[Stored items]
· · · ·

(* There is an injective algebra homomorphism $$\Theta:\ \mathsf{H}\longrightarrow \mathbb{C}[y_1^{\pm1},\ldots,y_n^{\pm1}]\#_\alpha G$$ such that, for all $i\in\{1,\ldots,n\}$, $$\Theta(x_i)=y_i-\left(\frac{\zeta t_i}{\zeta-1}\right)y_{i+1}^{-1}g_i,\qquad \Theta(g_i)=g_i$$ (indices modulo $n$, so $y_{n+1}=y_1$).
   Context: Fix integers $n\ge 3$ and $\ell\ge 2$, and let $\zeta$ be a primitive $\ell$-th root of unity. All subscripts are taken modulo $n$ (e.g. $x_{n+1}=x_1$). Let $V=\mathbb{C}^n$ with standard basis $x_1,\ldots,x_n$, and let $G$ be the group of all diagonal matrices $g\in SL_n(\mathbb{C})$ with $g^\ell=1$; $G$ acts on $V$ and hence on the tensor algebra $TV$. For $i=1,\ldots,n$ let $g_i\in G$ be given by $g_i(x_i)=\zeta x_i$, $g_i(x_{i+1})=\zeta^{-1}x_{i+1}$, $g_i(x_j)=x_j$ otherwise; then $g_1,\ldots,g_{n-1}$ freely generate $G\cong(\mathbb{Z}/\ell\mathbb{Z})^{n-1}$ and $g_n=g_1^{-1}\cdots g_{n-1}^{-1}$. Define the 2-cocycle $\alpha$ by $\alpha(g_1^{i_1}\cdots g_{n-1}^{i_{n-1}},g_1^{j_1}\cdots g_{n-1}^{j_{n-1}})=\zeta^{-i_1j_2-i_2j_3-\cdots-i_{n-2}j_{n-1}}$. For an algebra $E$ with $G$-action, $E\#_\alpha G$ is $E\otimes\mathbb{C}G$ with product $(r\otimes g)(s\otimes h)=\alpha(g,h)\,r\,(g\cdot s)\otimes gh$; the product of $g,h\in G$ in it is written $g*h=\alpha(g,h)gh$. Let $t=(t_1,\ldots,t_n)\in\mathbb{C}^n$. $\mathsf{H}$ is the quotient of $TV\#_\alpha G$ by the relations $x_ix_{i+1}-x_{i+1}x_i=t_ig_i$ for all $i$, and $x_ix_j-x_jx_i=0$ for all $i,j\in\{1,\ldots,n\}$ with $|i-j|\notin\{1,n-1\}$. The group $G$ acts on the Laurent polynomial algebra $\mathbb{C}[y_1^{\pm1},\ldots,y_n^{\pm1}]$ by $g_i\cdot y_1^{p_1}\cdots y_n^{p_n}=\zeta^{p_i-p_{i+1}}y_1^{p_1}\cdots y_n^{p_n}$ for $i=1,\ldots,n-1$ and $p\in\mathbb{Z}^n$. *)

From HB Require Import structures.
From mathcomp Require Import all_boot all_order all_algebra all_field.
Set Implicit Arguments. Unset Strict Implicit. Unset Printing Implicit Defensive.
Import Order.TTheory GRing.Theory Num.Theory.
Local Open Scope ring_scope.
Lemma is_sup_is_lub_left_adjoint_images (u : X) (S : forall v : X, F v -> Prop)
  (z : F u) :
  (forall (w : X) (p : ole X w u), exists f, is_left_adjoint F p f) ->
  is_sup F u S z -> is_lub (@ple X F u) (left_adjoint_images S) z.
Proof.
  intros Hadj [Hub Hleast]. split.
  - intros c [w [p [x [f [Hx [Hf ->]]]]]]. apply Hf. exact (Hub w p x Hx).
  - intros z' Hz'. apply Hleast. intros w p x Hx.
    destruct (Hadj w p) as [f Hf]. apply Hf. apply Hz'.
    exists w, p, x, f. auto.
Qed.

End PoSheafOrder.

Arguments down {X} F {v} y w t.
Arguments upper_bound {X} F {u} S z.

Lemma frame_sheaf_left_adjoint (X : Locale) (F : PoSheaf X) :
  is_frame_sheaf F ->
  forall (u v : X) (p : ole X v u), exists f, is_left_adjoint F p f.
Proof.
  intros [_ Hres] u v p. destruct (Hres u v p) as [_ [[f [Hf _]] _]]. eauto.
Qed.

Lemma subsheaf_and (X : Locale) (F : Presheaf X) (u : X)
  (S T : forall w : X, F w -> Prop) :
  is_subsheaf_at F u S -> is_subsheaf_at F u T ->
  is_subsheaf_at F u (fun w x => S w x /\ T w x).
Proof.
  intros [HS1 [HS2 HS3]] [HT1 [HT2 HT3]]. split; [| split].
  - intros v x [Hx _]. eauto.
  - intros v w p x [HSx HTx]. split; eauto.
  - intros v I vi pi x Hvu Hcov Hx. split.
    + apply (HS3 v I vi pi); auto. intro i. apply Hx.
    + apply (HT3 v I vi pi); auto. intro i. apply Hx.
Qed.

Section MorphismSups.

· · · ·

> **What this task involves**
All of the records are to be reproduced exactly as they were given.

> **Task output**
(* There is an injective algebra homomorphism $$\Theta:\ \mathsf{H}\longrightarrow \mathbb{C}[y_1^{\pm1},\ldots,y_n^{\pm1}]\#_\alpha G$$ such that, for all $i\in\{1,\ldots,n\}$, $$\Theta(x_i)=y_i-\left(\frac{\zeta t_i}{\zeta-1}\right)y_{i+1}^{-1}g_i,\qquad \Theta(g_i)=g_i$$ (indices modulo $n$, so $y_{n+1}=y_1$).
   Context: Fix integers $n\ge 3$ and $\ell\ge 2$, and let $\zeta$ be a primitive $\ell$-th root of unity. All subscripts are taken modulo $n$ (e.g. $x_{n+1}=x_1$). Let $V=\mathbb{C}^n$ with standard basis $x_1,\ldots,x_n$, and let $G$ be the group of all diagonal matrices $g\in SL_n(\mathbb{C})$ with $g^\ell=1$; $G$ acts on $V$ and hence on the tensor algebra $TV$. For $i=1,\ldots,n$ let $g_i\in G$ be given by $g_i(x_i)=\zeta x_i$, $g_i(x_{i+1})=\zeta^{-1}x_{i+1}$, $g_i(x_j)=x_j$ otherwise; then $g_1,\ldots,g_{n-1}$ freely generate $G\cong(\mathbb{Z}/\ell\mathbb{Z})^{n-1}$ and $g_n=g_1^{-1}\cdots g_{n-1}^{-1}$. Define the 2-cocycle $\alpha$ by $\alpha(g_1^{i_1}\cdots g_{n-1}^{i_{n-1}},g_1^{j_1}\cdots g_{n-1}^{j_{n-1}})=\zeta^{-i_1j_2-i_2j_3-\cdots-i_{n-2}j_{n-1}}$. For an algebra $E$ with $G$-action, $E\#_\alpha G$ is $E\otimes\mathbb{C}G$ with product $(r\otimes g)(s\otimes h)=\alpha(g,h)\,r\,(g\cdot s)\otimes gh$; the product of $g,h\in G$ in it is written $g*h=\alpha(g,h)gh$. Let $t=(t_1,\ldots,t_n)\in\mathbb{C}^n$. $\mathsf{H}$ is the quotient of $TV\#_\alpha G$ by the relations $x_ix_{i+1}-x_{i+1}x_i=t_ig_i$ for all $i$, and $x_ix_j-x_jx_i=0$ for all $i,j\in\{1,\ldots,n\}$ with $|i-j|\notin\{1,n-1\}$. The group $G$ acts on the Laurent polynomial algebra $\mathbb{C}[y_1^{\pm1},\ldots,y_n^{\pm1}]$ by $g_i\cdot y_1^{p_1}\cdots y_n^{p_n}=\zeta^{p_i-p_{i+1}}y_1^{p_1}\cdots y_n^{p_n}$ for $i=1,\ldots,n-1$ and $p\in\mathbb{Z}^n$. *)

From HB Require Import structures.
From mathcomp Require Import all_boot all_order all_algebra all_field.
Set Implicit Arguments. Unset Strict Implicit. Unset Printing Implicit Defensive.
Import Order.TTheory GRing.Theory Num.Theory.
Local Open Scope ring_scope.
Lemma is_sup_is_lub_left_adjoint_images (u : X) (S : forall v : X, F v -> Prop)
  (z : F u) :
  (forall (w : X) (p : ole X w u), exists f, is_left_adjoint F p f) ->
  is_sup F u S z -> is_lub (@ple X F u) (left_adjoint_images S) z.
Proof.
  intros Hadj [Hub Hleast]. split.
  - intros c [w [p [x [f [Hx [Hf ->]]]]]]. apply Hf. exact (Hub w p x Hx).
  - intros z' Hz'. apply Hleast. intros w p x Hx.
    destruct (Hadj w p) as [f Hf]. apply Hf. apply Hz'.
    exists w, p, x, f. auto.
Qed.

End PoSheafOrder.

Arguments down {X} F {v} y w t.
Arguments upper_bound {X} F {u} S z.

Lemma frame_sheaf_left_adjoint (X : Locale) (F : PoSheaf X) :
  is_frame_sheaf F ->
  forall (u v : X) (p : ole X v u), exists f, is_left_adjoint F p f.
Proof.
  intros [_ Hres] u v p. destruct (Hres u v p) as [_ [[f [Hf _]] _]]. eauto.
Qed.

Lemma subsheaf_and (X : Locale) (F : Presheaf X) (u : X)
  (S T : forall w : X, F w -> Prop) :
  is_subsheaf_at F u S -> is_subsheaf_at F u T ->
  is_subsheaf_at F u (fun w x => S w x /\ T w x).
Proof.
  intros [HS1 [HS2 HS3]] [HT1 [HT2 HT3]]. split; [| split].
  - intros v x [Hx _]. eauto.
  - intros v w p x [HSx HTx]. split; eauto.
  - intros v I vi pi x Hvu Hcov Hx. split.
    + apply (HS3 v I vi pi); auto. intro i. apply Hx.
    + apply (HT3 v I vi pi); auto. intro i. apply Hx.
Qed.

Section MorphismSups.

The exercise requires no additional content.